-------- INPUT FOR THIS TASK --------

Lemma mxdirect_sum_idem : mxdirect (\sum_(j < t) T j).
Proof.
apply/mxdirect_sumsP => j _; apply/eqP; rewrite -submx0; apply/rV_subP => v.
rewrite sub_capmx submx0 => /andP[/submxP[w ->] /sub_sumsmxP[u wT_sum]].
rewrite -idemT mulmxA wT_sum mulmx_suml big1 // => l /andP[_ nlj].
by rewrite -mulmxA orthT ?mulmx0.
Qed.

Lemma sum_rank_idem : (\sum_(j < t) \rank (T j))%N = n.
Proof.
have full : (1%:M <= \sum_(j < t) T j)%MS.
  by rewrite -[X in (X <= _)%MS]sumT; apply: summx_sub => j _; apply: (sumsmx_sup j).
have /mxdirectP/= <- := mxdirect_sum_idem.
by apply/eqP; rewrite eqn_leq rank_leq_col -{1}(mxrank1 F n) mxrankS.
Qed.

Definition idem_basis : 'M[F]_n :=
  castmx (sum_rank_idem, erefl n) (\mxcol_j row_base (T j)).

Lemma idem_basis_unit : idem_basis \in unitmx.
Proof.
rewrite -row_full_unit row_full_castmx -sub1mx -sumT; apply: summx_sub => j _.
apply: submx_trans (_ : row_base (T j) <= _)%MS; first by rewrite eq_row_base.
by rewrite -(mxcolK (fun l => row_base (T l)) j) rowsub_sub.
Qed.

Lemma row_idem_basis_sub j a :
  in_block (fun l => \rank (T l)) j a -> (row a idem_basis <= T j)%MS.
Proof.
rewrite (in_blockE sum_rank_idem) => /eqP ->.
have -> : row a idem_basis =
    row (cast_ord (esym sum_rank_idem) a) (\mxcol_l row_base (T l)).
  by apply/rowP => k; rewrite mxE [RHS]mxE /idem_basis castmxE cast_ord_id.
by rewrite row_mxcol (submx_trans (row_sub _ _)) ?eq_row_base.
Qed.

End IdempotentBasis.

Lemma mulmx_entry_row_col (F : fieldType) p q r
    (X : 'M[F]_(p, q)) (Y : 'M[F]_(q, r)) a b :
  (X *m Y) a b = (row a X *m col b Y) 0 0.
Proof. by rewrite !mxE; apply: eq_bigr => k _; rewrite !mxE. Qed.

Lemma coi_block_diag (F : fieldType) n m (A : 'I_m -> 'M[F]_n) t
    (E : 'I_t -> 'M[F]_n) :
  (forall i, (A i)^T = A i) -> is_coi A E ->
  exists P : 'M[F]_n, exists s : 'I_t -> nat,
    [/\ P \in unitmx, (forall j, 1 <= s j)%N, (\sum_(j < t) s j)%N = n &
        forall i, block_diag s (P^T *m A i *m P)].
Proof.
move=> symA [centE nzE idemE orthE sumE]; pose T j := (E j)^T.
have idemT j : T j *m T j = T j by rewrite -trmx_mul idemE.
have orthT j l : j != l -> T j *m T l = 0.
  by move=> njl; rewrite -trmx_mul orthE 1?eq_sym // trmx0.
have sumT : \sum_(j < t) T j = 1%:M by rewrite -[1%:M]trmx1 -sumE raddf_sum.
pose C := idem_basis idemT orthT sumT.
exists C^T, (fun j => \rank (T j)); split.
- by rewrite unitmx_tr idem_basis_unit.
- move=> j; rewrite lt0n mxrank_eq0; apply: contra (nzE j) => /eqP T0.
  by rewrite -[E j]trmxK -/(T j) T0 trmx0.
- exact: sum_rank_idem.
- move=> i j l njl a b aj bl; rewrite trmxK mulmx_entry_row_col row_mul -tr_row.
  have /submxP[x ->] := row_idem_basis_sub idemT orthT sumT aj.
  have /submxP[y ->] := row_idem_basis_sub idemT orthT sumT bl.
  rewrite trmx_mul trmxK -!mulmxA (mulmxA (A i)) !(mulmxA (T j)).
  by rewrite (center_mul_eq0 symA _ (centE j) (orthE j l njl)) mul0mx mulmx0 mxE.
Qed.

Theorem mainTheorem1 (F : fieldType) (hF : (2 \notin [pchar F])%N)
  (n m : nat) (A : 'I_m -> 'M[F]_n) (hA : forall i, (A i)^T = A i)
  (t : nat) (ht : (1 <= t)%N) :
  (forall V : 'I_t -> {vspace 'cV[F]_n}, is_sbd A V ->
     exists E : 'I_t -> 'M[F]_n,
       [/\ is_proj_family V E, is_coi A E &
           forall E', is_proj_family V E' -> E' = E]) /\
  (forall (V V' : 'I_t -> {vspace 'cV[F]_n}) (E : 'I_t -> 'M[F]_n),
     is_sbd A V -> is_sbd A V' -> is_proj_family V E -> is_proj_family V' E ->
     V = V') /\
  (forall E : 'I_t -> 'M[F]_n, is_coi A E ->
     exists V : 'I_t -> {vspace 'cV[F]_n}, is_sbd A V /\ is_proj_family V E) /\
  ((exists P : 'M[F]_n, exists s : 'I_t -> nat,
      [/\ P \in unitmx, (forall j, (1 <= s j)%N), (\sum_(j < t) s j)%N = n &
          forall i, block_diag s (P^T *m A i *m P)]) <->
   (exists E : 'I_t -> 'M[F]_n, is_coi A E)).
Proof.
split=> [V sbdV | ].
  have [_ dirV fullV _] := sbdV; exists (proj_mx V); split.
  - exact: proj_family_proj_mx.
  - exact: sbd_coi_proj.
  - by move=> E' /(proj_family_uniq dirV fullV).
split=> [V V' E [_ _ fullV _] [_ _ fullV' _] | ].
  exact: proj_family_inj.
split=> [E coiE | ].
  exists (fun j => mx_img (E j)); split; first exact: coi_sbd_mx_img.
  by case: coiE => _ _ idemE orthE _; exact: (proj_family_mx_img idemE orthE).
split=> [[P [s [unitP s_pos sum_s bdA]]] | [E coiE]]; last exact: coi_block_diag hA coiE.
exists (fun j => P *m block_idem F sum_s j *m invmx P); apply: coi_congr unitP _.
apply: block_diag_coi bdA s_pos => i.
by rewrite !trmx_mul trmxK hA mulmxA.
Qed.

--------

▶ [EXERCISE BRIEF]
All entries must come back exactly as they were written.

▶ [EXERCISE RESPONSE]
Lemma mxdirect_sum_idem : mxdirect (\sum_(j < t) T j).
Proof.
apply/mxdirect_sumsP => j _; apply/eqP; rewrite -submx0; apply/rV_subP => v.
rewrite sub_capmx submx0 => /andP[/submxP[w ->] /sub_sumsmxP[u wT_sum]].
rewrite -idemT mulmxA wT_sum mulmx_suml big1 // => l /andP[_ nlj].
by rewrite -mulmxA orthT ?mulmx0.
Qed.

Lemma sum_rank_idem : (\sum_(j < t) \rank (T j))%N = n.
Proof.
have full : (1%:M <= \sum_(j < t) T j)%MS.
  by rewrite -[X in (X <= _)%MS]sumT; apply: summx_sub => j _; apply: (sumsmx_sup j).
have /mxdirectP/= <- := mxdirect_sum_idem.
by apply/eqP; rewrite eqn_leq rank_leq_col -{1}(mxrank1 F n) mxrankS.
Qed.

Definition idem_basis : 'M[F]_n :=
  castmx (sum_rank_idem, erefl n) (\mxcol_j row_base (T j)).

Lemma idem_basis_unit : idem_basis \in unitmx.
Proof.
rewrite -row_full_unit row_full_castmx -sub1mx -sumT; apply: summx_sub => j _.
apply: submx_trans (_ : row_base (T j) <= _)%MS; first by rewrite eq_row_base.
by rewrite -(mxcolK (fun l => row_base (T l)) j) rowsub_sub.
Qed.

Lemma row_idem_basis_sub j a :
  in_block (fun l => \rank (T l)) j a -> (row a idem_basis <= T j)%MS.
Proof.
rewrite (in_blockE sum_rank_idem) => /eqP ->.
have -> : row a idem_basis =
    row (cast_ord (esym sum_rank_idem) a) (\mxcol_l row_base (T l)).
  by apply/rowP => k; rewrite mxE [RHS]mxE /idem_basis castmxE cast_ord_id.
by rewrite row_mxcol (submx_trans (row_sub _ _)) ?eq_row_base.
Qed.

End IdempotentBasis.

Lemma mulmx_entry_row_col (F : fieldType) p q r
    (X : 'M[F]_(p, q)) (Y : 'M[F]_(q, r)) a b :
  (X *m Y) a b = (row a X *m col b Y) 0 0.
Proof. by rewrite !mxE; apply: eq_bigr => k _; rewrite !mxE. Qed.

Lemma coi_block_diag (F : fieldType) n m (A : 'I_m -> 'M[F]_n) t
    (E : 'I_t -> 'M[F]_n) :
  (forall i, (A i)^T = A i) -> is_coi A E ->
  exists P : 'M[F]_n, exists s : 'I_t -> nat,
    [/\ P \in unitmx, (forall j, 1 <= s j)%N, (\sum_(j < t) s j)%N = n &
        forall i, block_diag s (P^T *m A i *m P)].
Proof.
move=> symA [centE nzE idemE orthE sumE]; pose T j := (E j)^T.
have idemT j : T j *m T j = T j by rewrite -trmx_mul idemE.
have orthT j l : j != l -> T j *m T l = 0.
  by move=> njl; rewrite -trmx_mul orthE 1?eq_sym // trmx0.
have sumT : \sum_(j < t) T j = 1%:M by rewrite -[1%:M]trmx1 -sumE raddf_sum.
pose C := idem_basis idemT orthT sumT.
exists C^T, (fun j => \rank (T j)); split.
- by rewrite unitmx_tr idem_basis_unit.
- move=> j; rewrite lt0n mxrank_eq0; apply: contra (nzE j) => /eqP T0.
  by rewrite -[E j]trmxK -/(T j) T0 trmx0.
- exact: sum_rank_idem.
- move=> i j l njl a b aj bl; rewrite trmxK mulmx_entry_row_col row_mul -tr_row.
  have /submxP[x ->] := row_idem_basis_sub idemT orthT sumT aj.
  have /submxP[y ->] := row_idem_basis_sub idemT orthT sumT bl.
  rewrite trmx_mul trmxK -!mulmxA (mulmxA (A i)) !(mulmxA (T j)).
  by rewrite (center_mul_eq0 symA _ (centE j) (orthE j l njl)) mul0mx mulmx0 mxE.
Qed.

Theorem mainTheorem1 (F : fieldType) (hF : (2 \notin [pchar F])%N)
  (n m : nat) (A : 'I_m -> 'M[F]_n) (hA : forall i, (A i)^T = A i)
  (t : nat) (ht : (1 <= t)%N) :
  (forall V : 'I_t -> {vspace 'cV[F]_n}, is_sbd A V ->
     exists E : 'I_t -> 'M[F]_n,
       [/\ is_proj_family V E, is_coi A E &
           forall E', is_proj_family V E' -> E' = E]) /\
  (forall (V V' : 'I_t -> {vspace 'cV[F]_n}) (E : 'I_t -> 'M[F]_n),
     is_sbd A V -> is_sbd A V' -> is_proj_family V E -> is_proj_family V' E ->
     V = V') /\
  (forall E : 'I_t -> 'M[F]_n, is_coi A E ->
     exists V : 'I_t -> {vspace 'cV[F]_n}, is_sbd A V /\ is_proj_family V E) /\
  ((exists P : 'M[F]_n, exists s : 'I_t -> nat,
      [/\ P \in unitmx, (forall j, (1 <= s j)%N), (\sum_(j < t) s j)%N = n &
          forall i, block_diag s (P^T *m A i *m P)]) <->
   (exists E : 'I_t -> 'M[F]_n, is_coi A E)).
Proof.
split=> [V sbdV | ].
  have [_ dirV fullV _] := sbdV; exists (proj_mx V); split.
  - exact: proj_family_proj_mx.
  - exact: sbd_coi_proj.
  - by move=> E' /(proj_family_uniq dirV fullV).
split=> [V V' E [_ _ fullV _] [_ _ fullV' _] | ].
  exact: proj_family_inj.
split=> [E coiE | ].
  exists (fun j => mx_img (E j)); split; first exact: coi_sbd_mx_img.
  by case: coiE => _ _ idemE orthE _; exact: (proj_family_mx_img idemE orthE).
split=> [[P [s [unitP s_pos sum_s bdA]]] | [E coiE]]; last exact: coi_block_diag hA coiE.
exists (fun j => P *m block_idem F sum_s j *m invmx P); apply: coi_congr unitP _.
apply: block_diag_coi bdA s_pos => i.
by rewrite !trmx_mul trmxK hA mulmxA.
Qed.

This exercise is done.